PROBLEM REQUIREMENTS> An exact printout of all the entries is required.

(Stored items)
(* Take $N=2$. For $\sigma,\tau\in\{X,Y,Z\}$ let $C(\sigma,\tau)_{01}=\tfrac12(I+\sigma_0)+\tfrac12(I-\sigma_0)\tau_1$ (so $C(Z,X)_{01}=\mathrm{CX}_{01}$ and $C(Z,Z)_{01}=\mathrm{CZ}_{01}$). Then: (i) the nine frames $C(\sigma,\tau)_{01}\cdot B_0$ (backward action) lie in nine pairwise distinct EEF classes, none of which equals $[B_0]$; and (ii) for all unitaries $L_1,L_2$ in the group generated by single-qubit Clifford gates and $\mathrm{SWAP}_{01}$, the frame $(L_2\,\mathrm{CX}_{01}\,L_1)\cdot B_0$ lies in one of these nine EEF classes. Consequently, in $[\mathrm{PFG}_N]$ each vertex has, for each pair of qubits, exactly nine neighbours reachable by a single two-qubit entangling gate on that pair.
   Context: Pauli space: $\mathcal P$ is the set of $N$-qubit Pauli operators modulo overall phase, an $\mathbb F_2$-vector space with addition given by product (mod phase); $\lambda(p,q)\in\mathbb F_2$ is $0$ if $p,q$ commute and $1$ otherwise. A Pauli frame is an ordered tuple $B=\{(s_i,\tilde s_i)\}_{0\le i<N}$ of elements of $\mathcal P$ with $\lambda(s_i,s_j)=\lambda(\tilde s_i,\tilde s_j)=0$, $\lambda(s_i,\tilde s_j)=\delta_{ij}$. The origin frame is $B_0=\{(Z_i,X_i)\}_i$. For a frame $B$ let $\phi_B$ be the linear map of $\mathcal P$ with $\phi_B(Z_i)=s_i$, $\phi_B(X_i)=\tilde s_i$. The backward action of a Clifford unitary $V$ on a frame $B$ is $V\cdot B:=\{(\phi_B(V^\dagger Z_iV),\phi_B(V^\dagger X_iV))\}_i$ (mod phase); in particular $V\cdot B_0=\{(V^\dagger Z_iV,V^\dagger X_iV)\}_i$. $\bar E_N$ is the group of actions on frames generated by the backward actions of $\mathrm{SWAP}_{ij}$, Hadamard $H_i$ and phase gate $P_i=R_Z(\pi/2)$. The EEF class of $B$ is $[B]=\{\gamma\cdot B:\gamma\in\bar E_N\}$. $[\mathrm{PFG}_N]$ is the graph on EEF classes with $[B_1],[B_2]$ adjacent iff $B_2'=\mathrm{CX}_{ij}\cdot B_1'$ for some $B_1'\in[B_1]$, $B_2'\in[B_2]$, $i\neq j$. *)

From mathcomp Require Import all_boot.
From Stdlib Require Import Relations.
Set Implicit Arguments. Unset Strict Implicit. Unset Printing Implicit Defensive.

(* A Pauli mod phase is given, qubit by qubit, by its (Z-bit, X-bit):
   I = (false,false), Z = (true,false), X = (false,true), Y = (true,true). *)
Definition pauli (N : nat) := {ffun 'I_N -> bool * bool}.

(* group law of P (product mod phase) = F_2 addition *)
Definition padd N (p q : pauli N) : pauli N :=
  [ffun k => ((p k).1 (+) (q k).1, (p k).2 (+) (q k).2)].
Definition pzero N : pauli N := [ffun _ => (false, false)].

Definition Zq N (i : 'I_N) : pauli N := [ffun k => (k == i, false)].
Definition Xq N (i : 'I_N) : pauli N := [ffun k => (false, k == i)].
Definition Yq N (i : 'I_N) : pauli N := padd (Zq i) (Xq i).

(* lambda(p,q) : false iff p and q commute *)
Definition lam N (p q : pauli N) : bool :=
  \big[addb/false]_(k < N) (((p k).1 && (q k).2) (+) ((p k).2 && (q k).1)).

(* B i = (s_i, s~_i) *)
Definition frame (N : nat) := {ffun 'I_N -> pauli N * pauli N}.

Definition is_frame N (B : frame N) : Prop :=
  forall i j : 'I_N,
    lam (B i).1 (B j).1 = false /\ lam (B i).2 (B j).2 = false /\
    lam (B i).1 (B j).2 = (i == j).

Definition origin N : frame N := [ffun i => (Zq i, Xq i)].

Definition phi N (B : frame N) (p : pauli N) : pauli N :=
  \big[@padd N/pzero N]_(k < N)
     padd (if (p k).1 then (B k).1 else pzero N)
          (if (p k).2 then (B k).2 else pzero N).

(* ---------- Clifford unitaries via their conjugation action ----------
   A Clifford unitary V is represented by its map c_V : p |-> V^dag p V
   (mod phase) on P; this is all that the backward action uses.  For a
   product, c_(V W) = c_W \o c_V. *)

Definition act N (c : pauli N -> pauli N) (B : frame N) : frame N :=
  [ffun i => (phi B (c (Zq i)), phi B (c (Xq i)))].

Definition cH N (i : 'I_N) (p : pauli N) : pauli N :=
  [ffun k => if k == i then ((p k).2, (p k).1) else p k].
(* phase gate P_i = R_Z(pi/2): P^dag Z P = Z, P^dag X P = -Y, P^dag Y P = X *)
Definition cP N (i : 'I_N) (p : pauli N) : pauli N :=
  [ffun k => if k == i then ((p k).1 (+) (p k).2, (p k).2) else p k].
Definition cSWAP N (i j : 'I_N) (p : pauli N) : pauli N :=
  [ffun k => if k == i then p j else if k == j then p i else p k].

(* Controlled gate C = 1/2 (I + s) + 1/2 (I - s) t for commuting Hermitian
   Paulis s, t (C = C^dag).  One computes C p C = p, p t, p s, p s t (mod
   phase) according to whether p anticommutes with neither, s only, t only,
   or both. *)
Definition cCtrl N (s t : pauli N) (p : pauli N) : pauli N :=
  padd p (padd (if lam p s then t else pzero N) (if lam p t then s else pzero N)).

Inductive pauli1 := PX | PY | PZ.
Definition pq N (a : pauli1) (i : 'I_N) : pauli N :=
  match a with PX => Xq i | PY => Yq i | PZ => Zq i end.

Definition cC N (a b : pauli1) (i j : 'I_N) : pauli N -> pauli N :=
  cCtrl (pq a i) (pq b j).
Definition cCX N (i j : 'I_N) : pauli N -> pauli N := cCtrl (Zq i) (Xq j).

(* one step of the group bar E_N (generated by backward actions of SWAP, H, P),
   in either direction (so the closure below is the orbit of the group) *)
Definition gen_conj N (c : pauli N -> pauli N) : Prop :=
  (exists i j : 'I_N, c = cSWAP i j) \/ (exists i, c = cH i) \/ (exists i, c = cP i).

YOUR SOLUTION>
(* Take $N=2$. For $\sigma,\tau\in\{X,Y,Z\}$ let $C(\sigma,\tau)_{01}=\tfrac12(I+\sigma_0)+\tfrac12(I-\sigma_0)\tau_1$ (so $C(Z,X)_{01}=\mathrm{CX}_{01}$ and $C(Z,Z)_{01}=\mathrm{CZ}_{01}$). Then: (i) the nine frames $C(\sigma,\tau)_{01}\cdot B_0$ (backward action) lie in nine pairwise distinct EEF classes, none of which equals $[B_0]$; and (ii) for all unitaries $L_1,L_2$ in the group generated by single-qubit Clifford gates and $\mathrm{SWAP}_{01}$, the frame $(L_2\,\mathrm{CX}_{01}\,L_1)\cdot B_0$ lies in one of these nine EEF classes. Consequently, in $[\mathrm{PFG}_N]$ each vertex has, for each pair of qubits, exactly nine neighbours reachable by a single two-qubit entangling gate on that pair.
   Context: Pauli space: $\mathcal P$ is the set of $N$-qubit Pauli operators modulo overall phase, an $\mathbb F_2$-vector space with addition given by product (mod phase); $\lambda(p,q)\in\mathbb F_2$ is $0$ if $p,q$ commute and $1$ otherwise. A Pauli frame is an ordered tuple $B=\{(s_i,\tilde s_i)\}_{0\le i<N}$ of elements of $\mathcal P$ with $\lambda(s_i,s_j)=\lambda(\tilde s_i,\tilde s_j)=0$, $\lambda(s_i,\tilde s_j)=\delta_{ij}$. The origin frame is $B_0=\{(Z_i,X_i)\}_i$. For a frame $B$ let $\phi_B$ be the linear map of $\mathcal P$ with $\phi_B(Z_i)=s_i$, $\phi_B(X_i)=\tilde s_i$. The backward action of a Clifford unitary $V$ on a frame $B$ is $V\cdot B:=\{(\phi_B(V^\dagger Z_iV),\phi_B(V^\dagger X_iV))\}_i$ (mod phase); in particular $V\cdot B_0=\{(V^\dagger Z_iV,V^\dagger X_iV)\}_i$. $\bar E_N$ is the group of actions on frames generated by the backward actions of $\mathrm{SWAP}_{ij}$, Hadamard $H_i$ and phase gate $P_i=R_Z(\pi/2)$. The EEF class of $B$ is $[B]=\{\gamma\cdot B:\gamma\in\bar E_N\}$. $[\mathrm{PFG}_N]$ is the graph on EEF classes with $[B_1],[B_2]$ adjacent iff $B_2'=\mathrm{CX}_{ij}\cdot B_1'$ for some $B_1'\in[B_1]$, $B_2'\in[B_2]$, $i\neq j$. *)

From mathcomp Require Import all_boot.
From Stdlib Require Import Relations.
Set Implicit Arguments. Unset Strict Implicit. Unset Printing Implicit Defensive.

(* A Pauli mod phase is given, qubit by qubit, by its (Z-bit, X-bit):
   I = (false,false), Z = (true,false), X = (false,true), Y = (true,true). *)
Definition pauli (N : nat) := {ffun 'I_N -> bool * bool}.

(* group law of P (product mod phase) = F_2 addition *)
Definition padd N (p q : pauli N) : pauli N :=
  [ffun k => ((p k).1 (+) (q k).1, (p k).2 (+) (q k).2)].
Definition pzero N : pauli N := [ffun _ => (false, false)].

Definition Zq N (i : 'I_N) : pauli N := [ffun k => (k == i, false)].
Definition Xq N (i : 'I_N) : pauli N := [ffun k => (false, k == i)].
Definition Yq N (i : 'I_N) : pauli N := padd (Zq i) (Xq i).

(* lambda(p,q) : false iff p and q commute *)
Definition lam N (p q : pauli N) : bool :=
  \big[addb/false]_(k < N) (((p k).1 && (q k).2) (+) ((p k).2 && (q k).1)).

(* B i = (s_i, s~_i) *)
Definition frame (N : nat) := {ffun 'I_N -> pauli N * pauli N}.

Definition is_frame N (B : frame N) : Prop :=
  forall i j : 'I_N,
    lam (B i).1 (B j).1 = false /\ lam (B i).2 (B j).2 = false /\
    lam (B i).1 (B j).2 = (i == j).

Definition origin N : frame N := [ffun i => (Zq i, Xq i)].

Definition phi N (B : frame N) (p : pauli N) : pauli N :=
  \big[@padd N/pzero N]_(k < N)
     padd (if (p k).1 then (B k).1 else pzero N)
          (if (p k).2 then (B k).2 else pzero N).

(* ---------- Clifford unitaries via their conjugation action ----------
   A Clifford unitary V is represented by its map c_V : p |-> V^dag p V
   (mod phase) on P; this is all that the backward action uses.  For a
   product, c_(V W) = c_W \o c_V. *)

Definition act N (c : pauli N -> pauli N) (B : frame N) : frame N :=
  [ffun i => (phi B (c (Zq i)), phi B (c (Xq i)))].

Definition cH N (i : 'I_N) (p : pauli N) : pauli N :=
  [ffun k => if k == i then ((p k).2, (p k).1) else p k].
(* phase gate P_i = R_Z(pi/2): P^dag Z P = Z, P^dag X P = -Y, P^dag Y P = X *)
Definition cP N (i : 'I_N) (p : pauli N) : pauli N :=
  [ffun k => if k == i then ((p k).1 (+) (p k).2, (p k).2) else p k].
Definition cSWAP N (i j : 'I_N) (p : pauli N) : pauli N :=
  [ffun k => if k == i then p j else if k == j then p i else p k].

(* Controlled gate C = 1/2 (I + s) + 1/2 (I - s) t for commuting Hermitian
   Paulis s, t (C = C^dag).  One computes C p C = p, p t, p s, p s t (mod
   phase) according to whether p anticommutes with neither, s only, t only,
   or both. *)
Definition cCtrl N (s t : pauli N) (p : pauli N) : pauli N :=
  padd p (padd (if lam p s then t else pzero N) (if lam p t then s else pzero N)).

Inductive pauli1 := PX | PY | PZ.
Definition pq N (a : pauli1) (i : 'I_N) : pauli N :=
  match a with PX => Xq i | PY => Yq i | PZ => Zq i end.

Definition cC N (a b : pauli1) (i j : 'I_N) : pauli N -> pauli N :=
  cCtrl (pq a i) (pq b j).
Definition cCX N (i j : 'I_N) : pauli N -> pauli N := cCtrl (Zq i) (Xq j).

(* one step of the group bar E_N (generated by backward actions of SWAP, H, P),
   in either direction (so the closure below is the orbit of the group) *)
Definition gen_conj N (c : pauli N -> pauli N) : Prop :=
  (exists i j : 'I_N, c = cSWAP i j) \/ (exists i, c = cH i) \/ (exists i, c = cP i).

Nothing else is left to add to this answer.